Basic Generation
Synthetic generation refers to the process of creating artificial data that mimics real-world datasets while preserving privacy and meeting specific requirements. This data generation can be useful for applications such as training machine learning models, testing, privacy-preserving analytics, and more
Synthetic conditional generation involves generating data based on specified conditions or constraints, enabling the creation of realistic datasets that follow particular patterns, distributions, or dependencies. This approach allows more control over the synthetic data, making it especially useful for testing, scenario simulations, and analytics while ensuring that privacy requirements are met.
Generate Module
Rockfish's Generate Module provides users the flexiblity to use any trained model to generate high-quality synthetic data for specific use cases.

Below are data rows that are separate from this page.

(* The following identity holds: \begin{equation*} \begin{split} &\Delta x \sum_{i=0}^{N-1}\left(\frac{\operatorname{Up}(\varrho^k \widehat u^k u^{k})_{i+3/2} -\operatorname{Up}(\varrho^k \widehat u^k u^{k})_{i-1/2}}{2\Delta x}\right)u_{i+1/2}^k \\ &\qquad = -\Delta x \sum_{i=0}^{N-1}\operatorname{Up}\left(\varrho^k u^{k}\right)_{i+1/2}\partial_{i+1/2}~\left(\frac{|\widehat u^k|^2}{2}\right) + \mathcal{N}_2 \\ &\qquad = -\Delta x\sum_i \partial_t^k \varrho_i\left(\frac{|\widehat u^k|^2}{2}\right)+ \mathcal{N}_2, \end{split} \end{equation*} where the numerical diffusion term $\mathcal{N}_2$ is given by \begin{equation*} \mathcal{N}_2 = \frac{(\Delta x)^2 }{2}\sum_{i=0}^{N-1}\left|\operatorname{Up}\left(\varrho^k u^{k}\right)_{i+1/2}\right|\left|\partial_{i+1/2} \widehat u^k\right|^2. \end{equation*}
   Context: Finite difference scheme for 1D viscous isentropic compressible Navier–Stokes on $(0,L)$. The interval $[0,L]$ is split into $N$ cells of length $\Delta x=L/N$ with nodes $x_{i-1/2}=i\Delta x$, $i=0,\dots,N$; time levels $t^k=k\Delta t$. Velocities $u^k_{i-1/2}$ live on the nodes with $u^k_{-1/2}=u^k_{N-1/2}=0$, and densities $\varrho^k_i>0$ live on the cells $i=0,\dots,N-1$. Notation: $u^+=\max\{u,0\}$, $u^-=\min\{u,0\}$; $\widehat u_i=\frac{u_{i-1/2}+u_{i+1/2}}{2}$; upwind fluxes $\operatorname{Up}(\varrho u)_{i+1/2}=\varrho_i u^+_{i+1/2}+\varrho_{i+1}u^-_{i+1/2}$ and $\operatorname{Up}(\varrho\widehat u u)_{i+1/2}=(\varrho_i\widehat u_i)u^+_{i+1/2}+(\varrho_{i+1}\widehat u_{i+1})u^-_{i+1/2}$; discrete derivatives $\partial_{i+1/2}f=\frac{f_{i+1}-f_i}{\Delta x}$, $\partial_i v=\frac{v_{i+1/2}-v_{i-1/2}}{\Delta x}$, $\partial_t^k f_i=\frac{f_i^k-f_i^{k-1}}{\Delta t}$. The densities and velocities satisfy the upwind continuity scheme $\partial_t^k\varrho_i+\partial_i\operatorname{Up}(\varrho^k u^k)=0$ (used for the second equality). *)

From HB Require Import structures.
From mathcomp Require Import all_boot all_order all_algebra.
Set Implicit Arguments. Unset Strict Implicit. Unset Printing Implicit Defensive.
Import Order.TTheory GRing.Theory Num.Theory.
Local Open Scope ring_scope.

(* Indexing conventions (integer indices):
   - cell quantities f : int -> R, f i = f_i (cell i, meaningful for 0 <= i < N);
   - node quantities v : int -> R, v j = v_{j-1/2} (node x_{j-1/2} = j*dx,
     meaningful for 0 <= j <= N).  So u_{i+1/2} = v (i+1), u_{i-1/2} = v i. *)

Section Defs.
Variable R : realFieldType.

Definition posp (x : R) : R := Num.max x 0.
Definition negp (x : R) : R := Num.min x 0.

Definition uhat (u : int -> R) (i : int) : R := (u i + u (i + 1)) / 2.

(* Up(rho u) = Up rho u ;  Up(rho \hat u u) = Up (fun i => rho i * uhat u i) u. *)
Definition Up (a u : int -> R) (j : int) : R :=
  a (j - 1) * posp (u j) + a j * negp (u j).

(* With the indexing above this is both
   \partial_{i+1/2} f for a cell quantity f and \partial_i v for a node
   quantity v (since v_{i+1/2} - v_{i-1/2} = v (i+1) - v i). *)
Definition fdiff (f : int -> R) (dx : R) (i : int) : R := (f (i + 1) - f i) / dx.

End Defs.

From HB Require Import structures.
From mathcomp Require Import all_boot all_order all_algebra.
From mathcomp Require Import ring.
Import Order.TTheory GRing.Theory Num.Theory.
Local Open Scope ring_scope.

(* The upwind flux of [rho * hat u] is the mass flux [Up rho u] times the
   upwind value [c] of [hat u], and summation by parts (the velocity vanishes
   on the boundary) turns the central difference of that flux into the jump of
   [hat u] across the node.  The identity
   [c (y - x) = (y^2 - x^2)/2 -+ (y - x)^2/2], whose sign is that of the mass
   flux because [rho >= 0], splits the result into a kinetic energy flux and
   the dissipation [N2]; one more summation by parts and the discrete
   continuity equation give the second equality. *)

Lemma PoszS (i : nat) : (i.+1)%:Z = i%:Z + 1.
Proof. by rewrite -addn1 PoszD. Qed.

Section SummationByParts.
Variable R : comPzRingType.
Implicit Types (F G v w : int -> R) (N : nat).

Lemma sumr_by_parts G w N : G 0 = 0 -> G N = 0 ->
  \sum_(0 <= i < N) G (i%:Z + 1) * (w (i%:Z + 1) - w i%:Z)
    = - \sum_(0 <= i < N) (G (i%:Z + 1) - G i%:Z) * w i%:Z.
Proof.
move=> G0 GN; pose H (i : nat) := G i%:Z * w i%:Z.
have step i : G (i%:Z + 1) * (w (i%:Z + 1) - w i%:Z)
    = (H i.+1 - H i) - (G (i%:Z + 1) - G i%:Z) * w i%:Z.
  by rewrite /H PoszS; ring.
rewrite (eq_bigr _ (fun i _ => step i)) sumrB telescope_sumr //.
by rewrite /H GN G0 !mul0r subr0 sub0r.
Qed.

Lemma sumr_central_diff_by_parts F v N :
  F 0 = 0 -> F N = 0 -> v 0 = 0 -> v N = 0 ->
  \sum_(0 <= i < N) (F (i%:Z + 2) - F i%:Z) * v (i%:Z + 1)
    = - \sum_(0 <= i < N) F (i%:Z + 1) * (v (i%:Z + 2) - v i%:Z).
Proof.
move=> F0 FN v0 vN.
pose D (i : nat) := F (i%:Z + 1) * v i%:Z + F i%:Z * v (i%:Z + 1).
have step i : (F (i%:Z + 2) - F i%:Z) * v (i%:Z + 1)
    = (D i.+1 - D i) - F (i%:Z + 1) * (v (i%:Z + 2) - v i%:Z).
  by rewrite /D PoszS -[i%:Z + 1 + 1]addrA; ring.
rewrite (eq_bigr _ (fun i _ => step i)) sumrB telescope_sumr //.
by rewrite /D F0 FN v0 vN !(mul0r, mulr0, addr0) subrr sub0r.
Qed.

End SummationByParts.

Section Upwind.
Variable R : realFieldType.
Implicit Types (a b u : int -> R) (j : int).

Lemma Up_vel0 a u j : u j = 0 -> Up a u j = 0.
Proof. by move=> uj0; rewrite /Up /posp /negp uj0 maxxx minxx !mulr0 addr0. Qed.

Lemma Up_mul a b u j :
  Up (fun i => a i * b i) u j
    = Up a u j * (if 0 <= u j then b (j - 1) else b j).
Proof.
by rewrite /Up /posp /negp; case: leP => _; rewrite !mulr0 ?addr0 ?add0r mulrAC.
Qed.

Lemma upwind_mul_diff (g x y : R) (s : bool) :
  (s -> 0 <= g) -> (~~ s -> g <= 0) ->
  g * (if s then x else y) * (y - x)
    = g * (y ^+ 2 / 2 - x ^+ 2 / 2) - `|g| * (y - x) ^+ 2 / 2.
Proof.
case: s => [/(_ isT) g_ge0 _ | _ /(_ isT) g_le0].
- by rewrite ger0_norm //; field.
- by rewrite ler0_norm //; field.
Qed.

(* A nonnegative density is only needed in the upwind cell of each node. *)
Lemma Up_mul_diff a b u j :
  (0 < u j -> 0 <= a (j - 1)) -> (u j < 0 -> 0 <= a j) ->
  Up (fun i => a i * b i) u j * (b j - b (j - 1))
    = Up a u j * (b j ^+ 2 / 2 - b (j - 1) ^+ 2 / 2)
      - `|Up a u j| * (b j - b (j - 1)) ^+ 2 / 2.
Proof.
move=> a_up a_down; rewrite Up_mul upwind_mul_diff //.
- rewrite /Up /posp /negp le_eqVlt => /orP[/eqP <- | u_gt0].
    by rewrite maxxx minxx !mulr0 addr0.
  by rewrite (max_l (ltW u_gt0)) (min_r (ltW u_gt0)) mulr0 addr0
             mulr_ge0 ?a_up ?ltW.
- rewrite -ltNge => u_lt0.
  by rewrite /Up /posp /negp (max_r (ltW u_lt0)) (min_l (ltW u_lt0)) mulr0
             add0r mulr_ge0_le0 ?a_down ?ltW.
Qed.

Lemma mulr_fdiff (f : int -> R) (dx : R) (i : int) :
  dx != 0 -> dx * fdiff f dx i = f (i + 1) - f i.
Proof. by move=> dx_neq0; rewrite /fdiff mulrC divfK. Qed.

Lemma uhat_diff u j : uhat u (j + 1) - uhat u j = (u (j + 2) - u j) / 2.
Proof. by rewrite /uhat -addrA; field. Qed.

Lemma sum_Up_convective (rho u : int -> R) (N : nat) :
  u 0 = 0 -> u N = 0 -> (forall i : nat, (i < N)%N -> 0 <= rho i%:Z) ->
  let F := Up (fun i => rho i * uhat u i) u in
  let G := Up rho u in
  \sum_(0 <= i < N) (F (i%:Z + 2) - F i%:Z) / 2 * u (i%:Z + 1)
    = - \sum_(0 <= i < N) G (i%:Z + 1)
          * (uhat u (i%:Z + 1) ^+ 2 / 2 - uhat u i%:Z ^+ 2 / 2)
      + \sum_(0 <= i < N) `|G (i%:Z + 1)|
          * (uhat u (i%:Z + 1) - uhat u i%:Z) ^+ 2 / 2.
Proof.
move=> u0 uN rho_ge0 F G.
have F0 : F 0 = 0 by apply: Up_vel0.
have FN : F N = 0 by apply: Up_vel0.
transitivity (- \sum_(0 <= i < N)
    F (i%:Z + 1) * (uhat u (i%:Z + 1) - uhat u i%:Z)).
  under eq_bigr => i _ do rewrite mulrAC.
  rewrite -mulr_suml sumr_central_diff_by_parts // mulNr mulr_suml.
  by under eq_bigr => i _ do rewrite -mulrA -uhat_diff.
rewrite -!sumrN -big_split; apply: eq_big_nat => i /andP[_ iN].
have := Up_mul_diff rho (uhat u) u (i%:Z + 1); rewrite addrK => ->.
- by rewrite /= opprD opprK.
- by move=> _; apply: rho_ge0.
- rewrite -PoszS => u_lt0; apply: rho_ge0.
  rewrite ltn_neqAle iN andbT; apply: contraTneq u_lt0 => ->.
  by rewrite uN ltxx.
Qed.

End Upwind.

Theorem lemma3p2 (R : realFieldType) (L dt : R) (N k : nat)
  (rho u : nat -> int -> R)
  (hL : 0 < L) (hN : (0 < N)%N) (hdt : 0 < dt) (hk : (0 < k)%N)
  (hbc : forall m : nat, u m 0 = 0 /\ u m (N%:Z) = 0)
  (hpos : forall (m i : nat), (i < N)%N -> 0 < rho m (i%:Z))
  (hcont : forall (m i : nat), (0 < m)%N -> (i < N)%N ->
     (rho m (i%:Z) - rho m.-1 (i%:Z)) / dt
       + fdiff (Up (rho m) (u m)) (L / N%:R) (i%:Z) = 0) :
  let dx := L / N%:R in
  let F := Up (fun i => rho k i * uhat (u k) i) (u k) in
  let G := Up (rho k) (u k) in
  let N2 := dx ^+ 2 / 2 *
      \sum_(0 <= i < N) `|G (i%:Z + 1)| * `|fdiff (uhat (u k)) dx (i%:Z)| ^+ 2 in
  dx * (\sum_(0 <= i < N)
          ((F (i%:Z + 2) - F (i%:Z)) / (2 * dx)) * u k (i%:Z + 1))
    = - dx * (\sum_(0 <= i < N)
          G (i%:Z + 1) * fdiff (fun j => `|uhat (u k) j| ^+ 2 / 2) dx (i%:Z)) + N2
  /\
  - dx * (\sum_(0 <= i < N)
          G (i%:Z + 1) * fdiff (fun j => `|uhat (u k) j| ^+ 2 / 2) dx (i%:Z)) + N2
    = - dx * (\sum_(0 <= i < N)
          ((rho k (i%:Z) - rho k.-1 (i%:Z)) / dt) * (`|uhat (u k) (i%:Z)| ^+ 2 / 2)) + N2.
Proof.
move=> dx F G N2.
have dx_neq0 : dx != 0 by rewrite mulf_neq0 ?invr_eq0 // gt_eqF ?ltr0n.
have [u0 uN] := hbc k.
have sqr_norm (x : R) : `|x| ^+ 2 = x ^+ 2 by rewrite real_normK ?num_real.
have energy_flux : - dx * (\sum_(0 <= i < N)
    G (i%:Z + 1) * fdiff (fun j => `|uhat (u k) j| ^+ 2 / 2) dx i%:Z)
  = - \sum_(0 <= i < N) G (i%:Z + 1) *
      (uhat (u k) (i%:Z + 1) ^+ 2 / 2 - uhat (u k) i%:Z ^+ 2 / 2).
  rewrite mulNr mulr_sumr; congr (- _); apply: eq_bigr => i _.
  by rewrite mulrCA mulr_fdiff // !sqr_norm.
have convective : dx * (\sum_(0 <= i < N)
    ((F (i%:Z + 2) - F i%:Z) / (2 * dx)) * u k (i%:Z + 1))
  = \sum_(0 <= i < N) (F (i%:Z + 2) - F i%:Z) / 2 * u k (i%:Z + 1).
  by rewrite mulr_sumr; apply: eq_bigr => i _; field.
have dissipation : N2 = \sum_(0 <= i < N) `|G (i%:Z + 1)|
    * (uhat (u k) (i%:Z + 1) - uhat (u k) i%:Z) ^+ 2 / 2.
  rewrite /N2 mulr_sumr; apply: eq_bigr => i _.
  by rewrite sqr_norm /fdiff; field.
split.
- rewrite convective energy_flux dissipation.
  by apply: sum_Up_convective => // i iN; apply/ltW/hpos.
- have G0 : G 0 = 0 by apply: Up_vel0.
  have GN : G N = 0 by apply: Up_vel0.
  congr (_ + N2); rewrite energy_flux.
  rewrite (sumr_by_parts _ G (fun j => uhat (u k) j ^+ 2 / 2)) // opprK.
  rewrite mulNr mulr_sumr -sumrN; apply: eq_big_nat => i /andP[_ iN].
  have -> : (rho k i%:Z - rho k.-1 i%:Z) / dt = - fdiff G dx i%:Z.
    by apply/eqP; rewrite -subr_eq0 opprK (hcont k i hk iN).
  by rewrite sqr_norm mulNr mulrN opprK mulrA mulr_fdiff.
Qed.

With the Generate Module, you can:
- Use the trained model to generate synthetic data based on your specified configurations.
- Customize the generation process to meet specific requirements, such as data volume or target features.
Generation Process
1. Fetch the trained model
After training is complete, the model
can be fetched using
model = await workflow.models().last()
The generate
action is created specific to the trained Rockfish model with its
generation configuration. For details, please check out Model Generation Configuration.
3. Create a SessionTarget action
The session target action is to assign a target generation value to the synthetic output.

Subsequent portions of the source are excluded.